» **WHAT TO WORK ON**:
Set down, please, exactly the lines below that run from the line with "have b_half : b" to the line with "rewrite card_set_sum (big_ord_widen", both lines included.

Source data
Lemma gear2_lower_bound I : independent (gear_pow 2) I ->
  2 * sparing_gear2 + 2 * degree_weight (gear_pow 2) I <=
  degree_weight (gear_pow 2) [set: V].
Proof.
move=> /independent_gear2[]; rewrite /degree_weight.
rewrite !(sum_gear_in _ degree_gear2_hub degree_gear2_rim degree_gear2_mid).
rewrite in_setT card_rims_setT card_mids_setT double_sparing_gear2.
move: (hub \in I) #|rims I| #|mids I| => h a b; have := odd_double_half n.
by case: h; case: (odd n) => /= n_eq; nia.
Qed.

Lemma gear3_lower_bound I : independent (gear_pow 3) I ->
  2 * sparing_gear3 + 2 * degree_weight (gear_pow 3) I <=
  degree_weight (gear_pow 3) [set: V].
Proof.
move=> indI; have /eqP := independent_gear3 indI.
have [] := independent_gear2 (independent_graph_pow_le (isT : 2 <= 3) indI).
rewrite /degree_weight !(sum_gear_in _ degree_gear3_hub degree_gear3_rim degree_gear3_mid).
rewrite in_setT card_rims_setT card_mids_setT double_sparing_gear3.
move: (hub \in I) #|rims I| #|mids I| => h a b h_a h_b b_a; rewrite muln_eq0.
have n_eq := odd_double_half n; rewrite -muln2 in n_eq.
have b_half : b <= n./2 by case: (odd n) n_eq => /=; lia.
have mids_weight := leq_mul (leqnn (n + 3)) b_half.
by case/orP => /eqP->; case: h h_a h_b; case: (odd n) n_eq => /= n_eq; nia.
Qed.

Lemma degree_weight_gear4 I : degree_weight (gear_pow 4) I = #|I| * (n + n).
Proof.
by rewrite /degree_weight -sum_nat_const; apply: eq_bigr => x _; apply: degree_gear4.
Qed.

Lemma gear4_lower_bound I : independent (gear_pow 4) I ->
  2 * (n * (2 * n - 1)) + 2 * degree_weight (gear_pow 4) I <=
  degree_weight (gear_pow 4) [set: V].
Proof.
move=> /independent_gear4; rewrite !degree_weight_gear4 cardsT card_option card_sum card_ord.
by case: #|I| => [|[|//]] _; nia.
Qed.

Lemma card_ord_succ_lt (P : pred nat) :
  #|[set j : 'I_n | P j && (j.+1 < n)]| = \sum_(j < n.-1) P j.
Proof.
rewrite card_set_sum (big_ord_widen _ (fun j => P j : nat) (leq_pred n)) [RHS]big_mkcond /=.
apply: eq_bigr => j _; rewrite (_ : j < n.-1 = (j.+1 < n)); last by apply/idP/idP; lia.
by case: (P j); case: (j.+1 < n).
Qed.

Lemma same_parity_apart (i j : 'I_n) : odd i = odd j -> i.+1 < n -> j.+1 < n ->
  i != j -> ~~ share_end i j.
Proof.
move=> ij_odd i_lt j_lt ij; rewrite share_endE (negPf ij) /=.
have succ_parity (a b : 'I_n) : a.+1 < n -> b = ordS a -> odd b = ~~ odd a.
  by move=> a_lt /(congr1 (@nat_of_ord n)); rewrite val_ordS ltn_eqF // => ->.
apply/norP; split; apply/negP => /eqP/succ_parity.
  by move/(_ j_lt); rewrite ij_odd; case: (odd j).
by move/(_ i_lt); rewrite ij_odd; case: (odd j).
Qed.

Definition witness2 : {set V} :=
  [set x : V | match x with
           | Some (inl k) => k == 0 :> nat
           | Some (inr j) => odd j && (j.+1 < n)
           | None => false
           end].

Lemma independent_witness2 : independent (gear_pow 2) witness2.
Proof.
have rim0_apart (k j : 'I_n) : k = 0 :> nat -> odd j -> j.+1 < n -> ~~ ends k j.
  move=> k0 j_odd j_lt; apply/norP; split; apply/eqP => /(congr1 (@nat_of_ord n)).
    by rewrite k0 => j0; rewrite -j0 in j_odd.
  by rewrite val_ordS ltn_eqF // k0.
move=> [[k|i]|] [[k'|j]|]; rewrite !inE //= gear_pow2E /=.
- move=> /eqP k0 /eqP k0'; rewrite andbT negbK (_ : k = k') //.
  by apply: val_inj; rewrite /= k0 k0'.
- by move=> /eqP k0 /andP[]; apply: rim0_apart.
- by move=> /andP[i_odd i_lt] /eqP k0; apply: rim0_apart.
move=> /andP[i_odd i_lt] /andP[j_odd j_lt]; have [->|ij] := eqVneq i j.
  by rewrite eqxx.
by rewrite (negPf (same_parity_apart _ i_lt j_lt ij)) ?andbF // i_odd j_odd.
Qed.

Lemma witness2_optimal :
  2 * sparing_gear2 + 2 * degree_weight (gear_pow 2) witness2 =
  degree_weight (gear_pow 2) [set: V].
Proof.
rewrite /degree_weight !(sum_gear_in _ degree_gear2_hub degree_gear2_rim degree_gear2_mid).
rewrite in_setT card_rims_setT card_mids_setT double_sparing_gear2.
have -> : hub \in witness2 = false by rewrite inE.
have -> : #|rims witness2| = 1.
  apply/eqP/cards1P; exists (Ordinal (ltnW (ltnW n_gt2))).
  by apply/setP => k; rewrite !inE.
have -> : #|mids witness2| = n.-1./2.
  by rewrite -sum_odd_ord -card_ord_succ_lt; apply: eq_card => j; rewrite !inE.
have [m n_eq] : exists m, n = m.+1 by exists n.-1; lia.
have := odd_double_half m; rewrite n_eq /=.
by case: (odd m) => /= m_eq; nia.
Qed.

Definition witness3 : {set V} :=
  [set x : V | if x is Some (inr j) then ~~ odd j && (j.+1 < n) else false].

Lemma independent_witness3 : independent (gear_pow 3) witness3.
Proof.
move=> [[k|i]|] [[k'|j]|]; rewrite !inE //= gear_pow3E /=.
move=> /andP[i_even i_lt] /andP[j_even j_lt]; have [->|ij] := eqVneq i j.
  by rewrite eqxx.
by rewrite (negPf (same_parity_apart _ i_lt j_lt ij)) ?andbF // (negPf i_even) (negPf j_even).
Qed.

Lemma witness3_optimal :
  2 * sparing_gear3 + 2 * degree_weight (gear_pow 3) witness3 =
  degree_weight (gear_pow 3) [set: V].
Proof.
rewrite /degree_weight !(sum_gear_in _ degree_gear3_hub degree_gear3_rim degree_gear3_mid).
rewrite in_setT card_rims_setT card_mids_setT double_sparing_gear3.
have -> : hub \in witness3 = false by rewrite inE.
have -> : #|rims witness3| = 0.
  by apply/eqP; rewrite cards_eq0; apply/eqP/setP => k; rewrite !inE.
have -> : #|mids witness3| = n./2.
  have -> : n./2 = uphalf n.-1 by rewrite -[n in LHS](@prednK n) // ltnW // ltnW.
  rewrite -sum_even_ord -(card_ord_succ_lt (fun j => ~~ odd j)).
  by apply: eq_card => j; rewrite !inE.
have := odd_double_half n.
by case: (odd n) => /= n_eq; nia.
Qed.

Lemma independent_witness4 : independent (gear_pow 4) [set hub].
Proof. by move=> x y; rewrite !inE gear_pow4E => /eqP-> /eqP->. Qed.

Lemma witness4_optimal :
  2 * (n * (2 * n - 1)) + 2 * degree_weight (gear_pow 4) [set hub] =
  degree_weight (gear_pow 4) [set: V].
Proof.
rewrite !degree_weight_gear4 cards1 cardsT card_option card_sum card_ord; nia.
Qed.

End GearGraph.

Theorem mainTheorem10 (n : nat) (hn : 3 <= n) :
  [/\ sparing_number_is (graph_pow (@gear_adj n) 2)
        (if odd n then ((n + 1) ^ 2)./2 else ((n + 1) ^ 2 + 5)./2),
      sparing_number_is (graph_pow (@gear_adj n) 3)
        (if odd n then (2 * n ^ 2 + 3 * n + 3)./2 else n * (n + 1)) &
      sparing_number_is (graph_pow (@gear_adj n) 4) (n * (2 * n - 1))].
Proof.
have pow_sym r := graph_pow_sym r (@gear_adj_sym n).
split; apply: sparing_number_from_weights (graph_pow_irr _ _) (pow_sym _) _ _.
- by exists (witness2 n); [apply: independent_witness2 | apply: witness2_optimal].
- exact: gear2_lower_bound.
- by exists (witness3 n); [apply: independent_witness3 | apply: witness3_optimal].
- exact: gear3_lower_bound.
- by exists [set None]; [apply: independent_witness4 | apply: witness4_optimal].
- exact: gear4_lower_bound.
Qed.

» **RESULT OF THIS EXERCISE**:
have b_half : b <= n./2 by case: (odd n) n_eq => /=; lia.
have mids_weight := leq_mul (leqnn (n + 3)) b_half.
by case/orP => /eqP->; case: h h_a h_b; case: (odd n) n_eq => /= n_eq; nia.
Qed.

Lemma degree_weight_gear4 I : degree_weight (gear_pow 4) I = #|I| * (n + n).
Proof.
by rewrite /degree_weight -sum_nat_const; apply: eq_bigr => x _; apply: degree_gear4.
Qed.

Lemma gear4_lower_bound I : independent (gear_pow 4) I ->
  2 * (n * (2 * n - 1)) + 2 * degree_weight (gear_pow 4) I <=
  degree_weight (gear_pow 4) [set: V].
Proof.
move=> /independent_gear4; rewrite !degree_weight_gear4 cardsT card_option card_sum card_ord.
by case: #|I| => [|[|//]] _; nia.
Qed.

Lemma card_ord_succ_lt (P : pred nat) :
  #|[set j : 'I_n | P j && (j.+1 < n)]| = \sum_(j < n.-1) P j.
Proof.
rewrite card_set_sum (big_ord_widen _ (fun j => P j : nat) (leq_pred n)) [RHS]big_mkcond /=.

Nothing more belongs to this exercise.